According to a report by online news portal Kurdistan24, Osman Baydemir has questioned if the government intended to allocate an amount of the budget for preservation, use, and improvement of Kurdish and minority languages. “Twenty-five million Kurds live in this country. Saying ‘there is a [state-owned] Kurdish TV channel, what else do you want?’ is an ingrained version of assimilation,” Baydemir said.
“As the child of the Kurdish people, as a representative from Kurdistan, I have a mission. I want this roof to be shared by the Turks and Kurds. If you [continue to] exclude the Kurds, if you count them non-existent, if you put them in prisons, the whole 80 million [population of Turkey] will lose,” he said.
After finishing his televised speech, Parliament’s Deputy Speaker Ayşenur Bahçekapılı of the AKP insistently asked Baydemir where Kurdistan was.
A short but heated argument followed between other HDP and AKP members.
“I am asking you a question, Mr. Baydemir. Could you please answer?” Bahçekapılı continued.

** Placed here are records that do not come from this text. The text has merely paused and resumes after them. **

(* An extra edge is replaced by a translated walk; if that walk passes through the cone
   vertex [v], it enters and leaves [v] at vertices differing by a walk quotient. *)
Lemma extra_edge_avoid (g h : G) (a : V) (m : nat) :
  extra_adj (inl g) (inl h) -> reach_le avoid0 a (inl g) m ->
  reach_le avoid0 a (inl h) (m + L) \/
  exists b f, reach_le avoid0 a (inl b) (m + L) /\ adj0 v (inl b) /\ In f walk_quotients /\
    adj0 v (inl (gmul b f)) /\ reach_le avoid0 (inl (gmul b f)) (inl h) L.
Proof.
  intros Hgh Ha. destruct (extra_edge_walk g h Hgh) as (s & Hs & W & E).
  set (tau := map (act g) s) in *.
  assert (Hlen : length tau <= L) by (unfold tau; rewrite length_map; apply Hwalks, Hs).
  assert (Hon : forall w, In w (inl g :: tau) -> adj0 v w ->
                 exists u, In (inl u) (inl gone :: s) /\ w = inl (gmul g u)).
  { intros w Hw Hvw. destruct (coned_adj_cone_inl G I P X cv w Hvw) as [b ->].
    assert (Hw' : In (inl b) (map (act g) (inl gone :: s))) by (simpl; now rewrite gmul1r).
    apply in_map_iff in Hw' as (p & Ep & Hp). destruct (cact_eq_inl G I P g p b Ep) as (u & -> & ->).
    eauto. }
  destruct (classic (In v tau)) as [Hin|Hnin].
  - right. rewrite <- E in *.
    destruct (walk_through adj0 v tau (inl g) W ltac:(discriminate) Hin ltac:(rewrite E; discriminate))
      as (a2 & a1 & In2 & In1 & H2 & H1 & Ne1 & R2 & R1).
    apply coned_adj_sym in H2.
    destruct (Hon a2 In2 H2) as (u2 & Hu2 & ->). destruct (Hon a1 In1 H1) as (u1 & Hu1 & ->).
    exists (gmul g u2), (gmul (ginv u2) u1).
    rewrite <- gassoc, (gassoc _ u2), gmulVr, gmul1l.
    repeat split; auto; [|apply (in_walk_quotients s); auto|].
    + eapply reach_le_trans in R2; [|exact Ha]. eapply reach_le_mono; [exact R2|lia].
    + eapply reach_le_mono; [exact R1|lia].
  - left. rewrite <- E. eapply reach_le_trans; [exact Ha|].
    apply (reach_le_mono _ _ _ (length tau)); [|lia].
    apply reach_le_walk, walk_avoid; auto. discriminate.
Qed.

Definition nbr_step (M : nat) (Nb : V -> Prop) (a : V) : Prop :=
  nbr a /\ (Nb a \/ exists b, Nb b /\ (angle_ball b M a \/
    exists b' f, angle_ball b M (inl b') /\ In f walk_quotients /\ a = inl (gmul b' f))).

Lemma nbr_step_finite (M : nat) (Nb : V -> Prop) :
  finite_set Nb -> (forall a, Nb a -> nbr a) -> finite_set (nbr_step M Nb).
Proof.
  intros [A HA] HN.
  destruct (finite_set_bigcup A (fun b a => Nb b /\ angle_ball b M a)) as [BL HBL].
  { intros b _. destruct (classic (Nb b)) as [Hb|Hb].
    - apply (finite_set_sub _ _ (angle_ball_finite b M (HN b Hb))). now intros a [_ H].
    - exists []. now intros a [H _]. }
  exists (A ++ BL ++ flat_map (fun e => match e with
                                 | inl b' => map (fun f => inl (gmul b' f)) walk_quotients
                                 | inr _ => [] end) BL).
  intros a (_ & [Ha|(b & Hb & [Hab|(b' & f & Hbb & Hf & ->)])]); apply in_or_app; [left; now apply HA|..];
    right; apply in_or_app.
  - left. apply HBL. eauto.
  - right. apply in_flat_map. exists (inl b'). split; [apply HBL; eauto|]. apply in_map_iff. eauto.
Qed.

Lemma avoiding_walks_near (x : V) : nbr x -> forall k, exists Nb,
  finite_set Nb /\ (forall a, Nb a -> nbr a) /\
  forall l, is_walk (avoid_adj adj1 v) x l -> length l <= k ->
    exists a, Nb a /\ reach_le avoid0 a (last l x) (L * k).
Proof.
  intros Hx k. induction k as [|k (Nb & HNfin & HN & IH)].
  - exists (fun a => a = x). split; [exists [x]; intros a ->; now left|].
    split; [now intros a ->|]. intros [|] _ Hl; [|simpl in Hl; lia].
    exists x. split; [reflexivity|]. exists []. simpl. repeat split. lia.
  - exists (nbr_step (L * S k) Nb). split; [now apply nbr_step_finite|]. split; [now intros a []|].
    intros l Hw Hl. destruct (le_lt_dec (length l) k) as [Hk|Hk].
    { destruct (IH l Hw Hk) as (a & Ha & Hr). exists a. split; [split; auto|].
      eapply reach_le_mono; [exact Hr|nia]. }
    destruct (exists_last (l := l) ltac:(intros ->; simpl in Hk; lia)) as (l' & w' & ->).
    rewrite length_app in Hl, Hk. simpl in Hl, Hk. rewrite last_last.
    apply is_walk_app in Hw as (Hw' & (Hww' & Hwv & Hw'v) & _).
    destruct (IH l' Hw' ltac:(lia)) as (a & Ha & Hr). set (w := last l' x) in *.
    destruct Hww' as [H0|Hext].
    + exists a. split; [split; auto|].
      eapply reach_le_mono; [eapply reach_le_trans; [exact Hr|apply reach_le_adj; now split]|nia].
    + destruct w as [g|], w' as [h|]; try contradiction.
      destruct (extra_edge_avoid g h a (L * k) Hext Hr) as [Hah|(b & f & Hab & Hb & Hf & Hbf & R)].
      * exists a. split; [split; auto|]. eapply reach_le_mono; [exact Hah|nia].
      * exists (inl (gmul b f)). split; [|eapply reach_le_mono; [exact R|nia]].
        split; [split; [exact Hbf|discriminate]|]. right. exists a. split; auto. right.
        exists b, f. repeat split; auto; [discriminate|]. eapply reach_le_mono; [exact Hab|nia].
Qed.

Lemma fine_at_coned_plus : fine_at adj1 v.
Proof.
  intros x n Hx Hxv.
  assert (Hx0 : adj0 v x) by (destruct Hx as [H|H]; [exact H|contradiction]).
  destruct (avoiding_walks_near x (conj Hx0 Hxv) n) as (Nb & [A HA] & HN & HW).
  apply (finite_set_sub (fun a => exists b, In b A /\ (Nb b /\ angle_ball b (L * n) a))).
  { apply finite_set_bigcup. intros b _. destruct (classic (Nb b)) as [Hb|Hb].
    - apply (finite_set_sub _ _ (angle_ball_finite b (L * n) (HN b Hb))). now intros a [_ H].
    - exists []. now intros a [H _]. }
  intros y (Hy & Hyv & l & Hw & <- & Hlen).
  destruct (HW l Hw Hlen) as (a & Ha & Hr). exists a. split; auto. split; auto.
  split; [|exact Hr]. split; [destruct Hy as [H|H]; [exact H|contradiction]|exact Hyv].
Qed.

End Fineness.

Lemma extra_edge_stab_finite (u w : V) : extra_adj u w -> finite_set (edge_stab act u w).
Proof.
  destruct u as [a|], w as [b|]; try contradiction. intros _.
  exists [gone; gmul b (ginv a)]. intros g [[E _]|[E _]]; simpl in E; injection E as E.
  - left. symmetry. exact (gmul_fix_r G g a E).
  - right; left. symmetry. exact (gmul_eq_r G g a b E).
Qed.

Lemma GP_graph_coned_plus :
  GP_graph G I P V act adj0 -> GP_graph G I P V act adj1.
Proof.
  intros (A1 & A2 & _ & Hh & Orb & Stab & PStab & EStab & Fine).
  unfold GP_graph. do 2 (split; [auto|]). split; [apply coned_adj_plus_act|].
  split; [|do 3 (split; [auto|]); split].
  - apply (hyperbolic_super adj0 adj1 (coned_adj_sym G I P X) coned_adj_plus_sym
             (fun u v H => or_introl H) L coned_adj_plus_reach_le HL1 (proj1 Hh) Hh).
  - intros u w [H|H]; [now apply EStab|now apply extra_edge_stab_finite].
  - intros [a|cv] Hinf.
    + exfalso. apply Hinf. exists [gone]. intros g Hg. left. symmetry.
      apply (gmul_fix_r G g a). now injection Hg.
    + apply fine_at_coned_plus, Fine, Hinf.
Qed.

Lemma thick_GP_graph_coned_plus :
  thick_GP_graph G I P V act adj0 -> thick_GP_graph G I P V act adj1.
Proof.
  intros (HGP & Hfin & u0 & Hfree & Hcones & (Sgen & Hgen & Hs) & reps & R1 & R2 & R3 & R4 & R5).
  split; [now apply GP_graph_coned_plus|]. split; [exact Hfin|]. exists u0.
  split; [exact Hfree|]. split.
  { intros i. destruct (Hcones i) as (w & Hw & Hst). exists w. split; [now left|exact Hst]. }
  split; [exists Sgen; split; [exact Hgen|intros s H; left; auto]|].
  exists reps. repeat split; auto. intros u Hu Hne. left. auto.
Qed.

End ExtraEdges.

Theorem lemma2p13 (G : Grp) (I : Type) (P : I -> G -> Prop) (X Y : G -> Prop)
  (HPsub : forall i, subgroup (P i))
  (HPinf : forall i, ~ finite_set (P i))
  (Hemb : hyp_emb G I P X)
  (HY : finite_set Y) :
  quasi_isometric (coned_adj G I P X) (coned_adj_plus G I P X Y) /\
  (GP_graph G I P (CVert G I P) (cact G I P) (coned_adj G I P X) ->
   GP_graph G I P (CVert G I P) (cact G I P) (coned_adj_plus G I P X Y)) /\
  (thick_GP_graph G I P (CVert G I P) (cact G I P) (coned_adj G I P X) ->
   thick_GP_graph G I P (CVert G I P) (cact G I P) (coned_adj_plus G I P X Y)).
Proof.
  destruct Hemb as (_ & (Hcay & _) & _). destruct HY as [ly Hly].
  destruct (replacement_walks G I P X HPsub ly Hcay) as (Sg & L & HL1 & Hwalks & Hends).
  split; [|split].
  - apply (quasi_isometric_super _ _ (fun u v H => or_introl H) L).
    exact (coned_adj_plus_reach_le G I P X Y Sg L ly HL1 Hwalks Hends Hly).
  - exact (GP_graph_coned_plus G I P X Y Sg L ly HL1 Hwalks Hends Hly).
  - exact (thick_GP_graph_coned_plus G I P X Y Sg L ly HL1 Hwalks Hends Hly).
Qed.
(* Let $\mathcal{T}$ be a tangle of order $k$ in a connectivity system $(E,\lambda)$, and let $\mathcal{S}$ be a tree compatible set. Let $\Phi=(P_1,\ldots, P_n)$ be a $k$-flower in $\mathcal{T}$ of $\mathcal{S}$-order at least two with no $\mathcal{T}$-loose petals. If $X\subseteq E-P_1$ is a non-empty $\mathcal{T}$-weak set such that $P_1\cup X$ is $k$-separating, then: (i) $\Phi '=(P_1\cup X, P_2-X,\ldots, P_n-X)$ is a $k$-flower in $\mathcal{T}$ that is $\mathcal{T}$-equivalent to $\Phi$ with respect to $\mathcal{S}$; (ii) $\mathrm{fcl}_{\mathcal{T}}(P_1)=\mathrm{fcl}_{\mathcal{T}}(P_1\cup X)$ and $\mathrm{fcl}_{\mathcal{T}}(P_i-X)=\mathrm{fcl}_{\mathcal{T}}(P_i)$ for all $i\in \{2,\dots,n\}$.
   Context: A connectivity system is a pair $(E,\lambda)$ with $E$ finite and $\lambda$ an integer-valued symmetric submodular function on subsets of $E$. $X$ is $k$-separating if $\lambda(X)\le k$; a $k$-separation is an unordered partition $(X,E-X)$ with $\lambda(X)\le k$. A tangle of order $k$ is a collection $\mathcal T$ of subsets of $E$ with (T1) $\lambda(A)<k$ for $A\in\mathcal T$; (T2) if $\lambda(A)\le k-1$ then $A$ or $E-A$ is in $\mathcal T$; (T3) $A\cup B\cup C\ne E$ for $A,B,C\in\mathcal T$; (T4) $E-\{e\}\notin\mathcal T$. A set is $\mathcal T$-weak if contained in a member of $\mathcal T$, otherwise $\mathcal T$-strong; partitions/$k$-separations are $\mathcal T$-strong if all parts are. A $\mathcal T$-strong $k$-separating $X$ is fully closed if $X\cup Y$ is not $k$-separating for every nonempty $\mathcal T$-weak $Y\subseteq E-X$; $\mathrm{fcl}_{\mathcal T}(X)$ is the intersection of all fully closed $k$-separating sets containing $X$. $\mathcal T$-strong $k$-separations $(X,Y),(X',Y')$ are $\mathcal T$-equivalent if $\{\mathrm{fcl}_{\mathcal T}(X),\mathrm{fcl}_{\mathcal T}(Y)\}=\{\mathrm{fcl}_{\mathcal T}(X'),\mathrm{fcl}_{\mathcal T}(Y')\}$. $X$ is $\mathcal T$-sequential if it is $k$-separating, $E-X$ is $\mathcal T$-strong and $\mathrm{fcl}_{\mathcal T}(E-X)=E$. Let $\mathcal S$ be a set of non-$\mathcal T$-sequential $k$-separating sets with $\mathcal T$-strong complements; a $(k,\mathcal S)$-separation is a $k$-separation $(X,E-X)$ with $X,E-X\in\mathcal S$. $\mathcal S$ is tree compatible if (S1) any $\mathcal T$-strong $k$-separation $\mathcal T$-equivalent to a $(k,\mathcal S)$-separation is a $(k,\mathcal S)$-separation, and (S2) if $X\in\mathcal S$ and $(Y,E-Y)$ is a $\mathcal T$-strong $k$-separation with $X\subseteq Y$ then $Y\in\mathcal S$. A $k$-flower in $\mathcal T$ is a $\mathcal T$-strong partition $(P_1,\dots,P_n)$ of $E$ with $P_i$ and $P_i\cup P_{i+1}$ $k$-separating for all $i$ (mod $n$); it displays $(X,E-X)$ if $X$ is a union of petals. $\Phi_1\preccurlyeq_{\mathcal S}\Phi_2$ if each $(k,\mathcal S)$-separation displayed by $\Phi_1$ is $\mathcal T$-equivalent to one displayed by $\Phi_2$; $\mathcal T$-equivalence with respect to $\mathcal S$ means both directions hold. The $\mathcal S$-order of $\Phi$ is the minimum number of petals of a $k$-flower equivalent to $\Phi$. A $k$-flower is a $k$-anemone if every nonempty union of petals is $k$-separating. For $n\ge2$, a petal $P_i$ is $\mathcal T$-loose if $P_i\subseteq\mathrm{fcl}_{\mathcal T}(P_j)$ for some petal $P_j\ne P_i$ that is consecutive to $P_i$ in the cyclic order (for a $k$-anemone, any other petal). *)

From HB Require Import structures.
From mathcomp Require Import all_boot all_order all_algebra.
Set Implicit Arguments. Unset Strict Implicit. Unset Printing Implicit Defensive.
Import Order.TTheory GRing.Theory Num.Theory.
Local Open Scope ring_scope.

Baydemir put his palm on his chest and said Kurdistan was there, in a video uploaded by HDP to social media.
“This, this very place is Kurdistan, Mrs. Speaker. Kurdistan is right here,” he said, gesturing toward his heart.
“You are not a lawmaker for Kurdistan. You are a lawmaker for Şanlıurfa,” she responded.
On social media, Baydemir’s gesture created a flow of support and enthusiasm for his stance.
Turkey has stepped up its crackdown on Kurdish politicians in recent months. Trustees have been appointed to dozens of municipalities in the country’s predominantly Kurdish Southeast, while hundreds of local Kurdish politicians as well as 9 HDP deputies including the party’s co-chairs are behind bars on terror charges.